As with most of stories of human nature, Bad City Blues is about two brothers. It is a logical way for a writer to start - two men who have had the same upbringing and background should turn out roughly the same way, yet one goes bad, the other goes worse. Cicero and Luther Grimes (Grimes - dirty, besoiled, low - even the names are evocative) are white trash who haven't spoken in years due to an unnamed wrong committed by Luther on Cicero. Luther spends most of his time in South America, training death squads and dealing drugs, while his brother elected to go to medical school. Cicero could have been a successful doctor, but instead now lives in a broken-down firehouse in a broken-down part of town and tends to the afflicted, often free of charge. Does this make him a good man? No, not really. Violence and retribution boil just below the surface of his calm demeanor. Though the "good" Grimes does not uncork his rage, the bloodlust surges through him and is as ugly as the acts perpetrated by the other characters.

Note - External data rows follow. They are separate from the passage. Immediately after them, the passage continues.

Lemma traj_leslie_lower (rho : R) :
  0 < f -> 0 < F -> 0 < s -> 0 < Delta -> Delta < F ->
  (forall i, 0 <= z0 i ord0) -> z0 != 0 -> 0 < rho -> rho ^+ 2 = f * rho + s * F ->
  exists2 alpha, 0 < alpha & forall t, (2 <= t)%N ->
    alpha * rho ^+ t * (1 - Delta / F) ^+ env2_count env t * rho <= z t 0 0 /\
    alpha * rho ^+ t * (1 - Delta / F) ^+ env2_count env t * s <= z t 1 0.
Proof.
move=> f0 F0 s0 D0 DF z00 nz rho0 rho2.
set c := 1 - Delta / F.
have c0 : 0 < c by rewrite subr_gt0 ltr_pdivrMr // mul1r.
have c1 : c <= 1 by rewrite lerBlDr lerDl divr_ge0 // ltW.
have cF : F - Delta = c * F by rewrite mulrBl mul1r divfK // gt_eqF.
have [x2 y2] := traj_leslie2_gt0 f0 F0 s0 DF z00 nz.
set m := Num.min (z 2 0 0 / rho) (z 2 1 0 / s).
have m0 : 0 < m by rewrite lt_min !divr_gt0.
exists (m / rho ^+ 2); first by rewrite divr_gt0 // exprn_gt0.
move=> t /subnK <-; elim: (t - 2)%N => [|n IH].
  have cN0 : 0 <= c ^+ env2_count env 2 by rewrite exprn_ge0 // ltW.
  have cN1 : c ^+ env2_count env 2 <= 1 by rewrite exprn_ile1 // ltW.
  have mx : m * rho <= z 2 0 0 by rewrite -ler_pdivlMr // ge_min lexx.
  have my : m * s <= z 2 1 0 by rewrite -ler_pdivlMr // ge_min lexx orbT.
  rewrite add0n (divfK (expf_neq0 _ (lt0r_neq0 rho0))).
  by split; nra.
set beta := m / rho ^+ 2 * rho ^+ (n + 2) * c ^+ env2_count env (n + 2) in IH.
have rhoN0 k : 0 <= rho ^+ k := exprn_ge0 k (ltW rho0).
have beta0 : 0 <= beta :=
  mulr_ge0 (mulr_ge0 (divr_ge0 (ltW m0) (rhoN0 2)) (rhoN0 _)) (exprn_ge0 _ (ltW c0)).
have -> : m / rho ^+ 2 * rho ^+ (n.+1 + 2) * c ^+ env2_count env (n.+1 + 2) =
          beta * rho * c ^+ (~~ env (n + 2)).
  by rewrite addSn env2_countS exprD (exprS rho (n + 2)) /beta; ring.
rewrite addSn traj_leslie0 traj_leslie1.
case: IH => IHx IHy.
exact: leslie_step_lower f0 F0 s0 rho0 c0 c1 cF rho2 beta0 IHx IHy.
Qed.

Lemma ln_norm1_traj_leslie_lower (rho : R) :
  0 < f -> 0 < F -> 0 < s -> 0 < Delta -> Delta < F ->
  (forall i, 0 <= z0 i ord0) -> z0 != 0 -> 0 < rho -> rho ^+ 2 = f * rho + s * F ->
  exists K, forall t, (2 <= t)%N ->
    K + t%:R * ln rho + (env2_count env t)%:R * ln (1 - Delta / F) <= ln (norm1 (z t)).
Proof.
move=> f0 F0 s0 D0 DF z00 nz rho0 rho2.
have c0 : 0 < 1 - Delta / F by rewrite subr_gt0 ltr_pdivrMr // mul1r.
have [alpha alpha0 low] := traj_leslie_lower f0 F0 s0 D0 DF z00 nz rho0 rho2.
exists (ln alpha + ln rho) => t t2; have [lowx _] := low t t2.
have rhot0 : 0 < rho ^+ t := exprn_gt0 t rho0.
have ct0 : 0 < (1 - Delta / F) ^+ env2_count env t := exprn_gt0 _ c0.
have a0 : 0 < alpha * rho ^+ t := mulr_gt0 alpha0 rhot0.
have b0 : 0 < alpha * rho ^+ t * (1 - Delta / F) ^+ env2_count env t := mulr_gt0 a0 ct0.
have zt := le_trans lowx (coord_le_norm1 (z t) 0).
have bz0 := mulr_gt0 b0 rho0.
have norm_gt0 := lt_le_trans bz0 zt.
rewrite -ler_ln ?posrE // in zt.
apply: le_trans zt.
rewrite !lnM ?posrE // !lnXn // -[ln rho *+ _]mulr_natl -[ln (1 - _) *+ _]mulr_natl.
lra.
Qed.

End LeslieTrajectory.

Section Env2Count.
Context (R : realType) (d : measure_display) (Omega : measurableType d)
  (P : probability Omega R) (tau : nat -> Omega -> bool) (pi1 : R).
Hypothesis mtau : forall t b, measurable [set w | tau t w = b].
Hypothesis Ptau : forall t, P [set w | tau t w = true] = pi1%:E.

Let env2 k := [set w | tau k w = false].
Let measurable_env2 k : measurable (env2 k). Proof. exact: mtau. Qed.

Lemma env2_count_indicator t w :
  (env2_count (tau^~ w) t)%:R = \sum_(k < t) \1_(env2 k) w :> R.
Proof.
rewrite /env2_count natr_sum; apply: eq_bigr => k _.
rewrite indicE /env2; case E: (tau k w) => /=; first by rewrite memNset //= E.
by rewrite mem_set.
Qed.

Lemma measurable_env2_count t :
  measurable_fun setT (fun w => (env2_count (tau^~ w) t)%:R : R).
Proof.
rewrite (_ : (fun w => _) = fun w => \sum_(k < t) \1_(env2 k) w); last first.
  by apply/funext => w; rewrite env2_count_indicator.
by apply: measurable_sum => k; apply/measurable_indic/measurable_env2.
Qed.

Lemma measurable_env2_count_gt t (a : R) :
  measurable [set w | a < (env2_count (tau^~ w) t)%:R].
Proof.
have := measurable_env2_count t measurableT (measurable_itv `]a, +oo[).
by rewrite setTI; congr measurable; apply/seteqP; split => w /=; rewrite in_itv /= andbT.
Qed.

Lemma prob_env2 k : P (env2 k) = (1 - pi1)%:E.
Proof.
have -> : env2 k = ~` [set w | tau k w = true].
  by apply/seteqP; split => w; rewrite /env2 /=; case: (tau k w).
by rewrite probability_setC ?Ptau.
Qed.

Lemma expectation_env2_count t :
  (\int[P]_w ((env2_count (tau^~ w) t)%:R)%:E = (t%:R * (1 - pi1))%:E)%E.
Proof.
under eq_integral do rewrite env2_count_indicator -sumEFin.
rewrite ge0_integral_sum //; last first.
  by move=> k; apply/measurable_EFinP; apply/measurable_indic/measurable_env2.
under eq_bigr => k _ do rewrite (integral_indic _ measurableT (measurable_env2 k)) setIT.
rewrite (eq_bigr (fun=> (1 - pi1)%:E)); last by move=> k _; exact: prob_env2.
by rewrite sumEFin sumr_const card_ord mulr_natl.
Qed.

Lemma markov_env2_count t (a : R) : 0 < a -> (0 < t)%N ->
  (P [set w | (a * t%:R < (env2_count (tau^~ w) t)%:R)%R] <= ((1 - pi1) / a)%:E)%E.
Proof.
move=> a0 t0; set D := [set w | _ < _].
have mD : measurable D := measurable_env2_count_gt t (a * t%:R).
have at0 : 0 < a * t%:R by rewrite mulr_gt0 // ltr0n.
have markov_ineq : ((a * t%:R)%:E * P D <= (t%:R * (1 - pi1))%:E)%E.
  rewrite -expectation_env2_count -(setIT D) -integral_indic //.
  rewrite -ge0_integralZl_EFin //; last 2 first.
  - by apply/measurable_EFinP/measurable_indic.
  - exact: ltW.
  apply: ge0_le_integral => //.
  - by move=> x _; rewrite lee_fin indicE mulr_ge0 // ltW.
  - by apply/measurable_EFinP/measurable_funM => //; apply/measurable_indic.
  - by apply/measurable_EFinP; apply: measurable_env2_count.
  move=> x _; rewrite lee_fin indicE.
  by case: (boolP (x \in D)) => [|_]; rewrite ?mulr0 // inE mulr1 => /ltW.
move: markov_ineq (measure_ge0 P D) (probability_le1 P mD).
case: (P D) => [r| |] //= + r0 _; last by rewrite leNye.
rewrite -EFinM !lee_fin => markov_ineq.
have tp : 0 < t%:R :> R by rewrite ltr0n.
by rewrite ler_pdivlMr //; nra.
Qed.

Lemma measurable_env2_count_always_gt (a : R) T :
  measurable [set w | forall t, (T <= t)%N -> a * t%:R < (env2_count (tau^~ w) t)%:R].
Proof.
rewrite (_ : [set w | _] =
  \bigcap_n [set w | a * (T + n)%N%:R < (env2_count (tau^~ w) (T + n))%:R]).
  by apply: bigcapT_measurable => n; apply: measurable_env2_count_gt.
apply/seteqP; split => w /= h; first by move=> n _; apply/h/leq_addr.
by move=> t Tt; have := h (t - T)%N I; rewrite subnKC.
Qed.

Lemma prob_env2_count_eventually_gt (a : R) : 0 < a ->
  (P (\bigcup_T [set w | forall t, (T <= t)%N ->
        (a * t%:R < (env2_count (tau^~ w) t)%:R)%R]) <= ((1 - pi1) / a)%:E)%E.
Proof.
move=> a0; set H := fun T => [set w | _].
have mH T : measurable (H T) := measurable_env2_count_always_gt a T.
have mU : measurable (\bigcup_T H T) by apply: bigcupT_measurable.
have H_nd : {homo H : n m / (n <= m)%N >-> (n <= m)%O}.
  by move=> n m nm; apply/asboolP => w /= h t mt; apply/h/(leq_trans nm).
rewrite -(cvg_lim _ (nondecreasing_cvg_mu mH mU H_nd)) //.
apply: lime_le; first by apply/cvg_ex; eexists; exact: nondecreasing_cvg_mu mH mU H_nd.
apply: nearW => T; apply: le_trans (markov_env2_count a0 (ltn0Sn T)).
apply: le_measure; rewrite ?inE //; first exact: measurable_env2_count_gt.
by move=> w; apply.
Qed.

Lemma ae_env2_count_frequently_le (G : Omega -> Prop) (eps : R) : 0 < eps ->
  {ae P, forall w, G w} ->
  exists2 w, G w & forall T, exists2 t, (T <= t)%N &
    (env2_count (tau^~ w) t)%:R <= (1 - pi1 + eps) * t%:R.
Proof.
move=> e0 [N [mN PN GN]].
have pi1_le1 : pi1 <= 1 by rewrite -lee_fin -(Ptau 0) probability_le1.
have a0 : 0 < 1 - pi1 + eps by lra.
have q1 : (1 - pi1) / (1 - pi1 + eps) < 1 by rewrite ltr_pdivrMr // mul1r; lra.
apply: contrapT => nofreq.
have notN_eventually : ~` N `<=` \bigcup_T [set w | forall t, (T <= t)%N ->
    ((1 - pi1 + eps) * t%:R < (env2_count (tau^~ w) t)%:R)%R].
  move=> w Nw; apply: contrapT => notH; apply: nofreq; exists w.
    by apply: contrapT => /GN.
  move=> T; apply: contrapT => noT; apply: notH; exists T => // t Tt /=.
  by rewrite ltNge; apply/negP => le; apply: noT; exists t.
have : (1 <= ((1 - pi1) / (1 - pi1 + eps))%:E)%E.
  apply: le_trans (prob_env2_count_eventually_gt a0).
  rewrite -(sube0 1%E) -PN -probability_setC //.
  apply: le_measure notN_eventually; rewrite inE.
  - exact: measurableC.
  - by apply: bigcupT_measurable => T; apply: measurable_env2_count_always_gt.
by rewrite lee_fin; lra.
Qed.

End Env2Count.

Lemma growth_rate_ge (R : realType) (v : nat -> R) (N : nat -> nat) (K lr lc a L : R) :
  lc <= 0 ->
  (forall t, (2 <= t)%N -> K + t%:R * lr + (N t)%:R * lc <= v t) ->
  (fun t => t%:R^-1 * v t) @ \oo --> L ->
  (forall T, exists2 t, (T <= t)%N & (N t)%:R <= a * t%:R) ->
  lr + a * lc <= L.
Proof.
move=> lc0 low cvL freq; apply/ler_addgt0Pr => e e0.
have e20 : 0 < e / 2 by rewrite divr_gt0.
move/cvgrPdist_lt/(_ _ e20): cvL => [T1 _ nearL].
have [t] := freq (maxn (maxn T1 (Num.trunc (`|K| / (e / 2))).+1) 2).
rewrite !geq_max => /andP[/andP[tT1 tK] t2] Nt.
have t0 : 0 < t%:R :> R by rewrite ltr0n (leq_trans _ t2).
have Kt : `|K| < e / 2 * t%:R.
  rewrite mulrC -ltr_pdivrMr //; apply: lt_le_trans (truncnS_gt _) _.
  by rewrite ler_nat.
have vt : v t < t%:R * (L + e / 2).
  move: (nearL t tT1); rewrite /= ltr_distlC => /andP[_].
  by rewrite [_^-1 * _]mulrC ltr_pdivrMr // mulrC.
have aN : a * t%:R * lc <= (N t)%:R * lc := ler_wnM2r lc0 Nt.
have := low t t2; have := ler_norm (- K); rewrite normrN => nK lowt.
rewrite -(ler_pM2l t0); lra.
Qed.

Separated by years and miles, the brothers are pulled together by Callie Carter, a former hooker and current addict, who is on the run with a million dollars stolen from the bank where her husband is a Vice President. The husband, Cleve Carter, is also a television evangelist who sparks through his brief appearance in this book like a high-voltage wire chewed through by wild nutria.
Clarence Jefferson is a crooked cop who destroys or befouls everything he touches, including his sweet and unassuming Baptist wife. He catches wind of the million dollar heist and sets out to claim his piece of it, leaving a wake of bloodied and broken humanity behind him.
Bad City Blues is a ferocious and extraordinary book that will be enjoyed by fans of Chuck Palahniuk and James Lee Burke and burned in horror by fans of Agatha Christie and Joan Hess.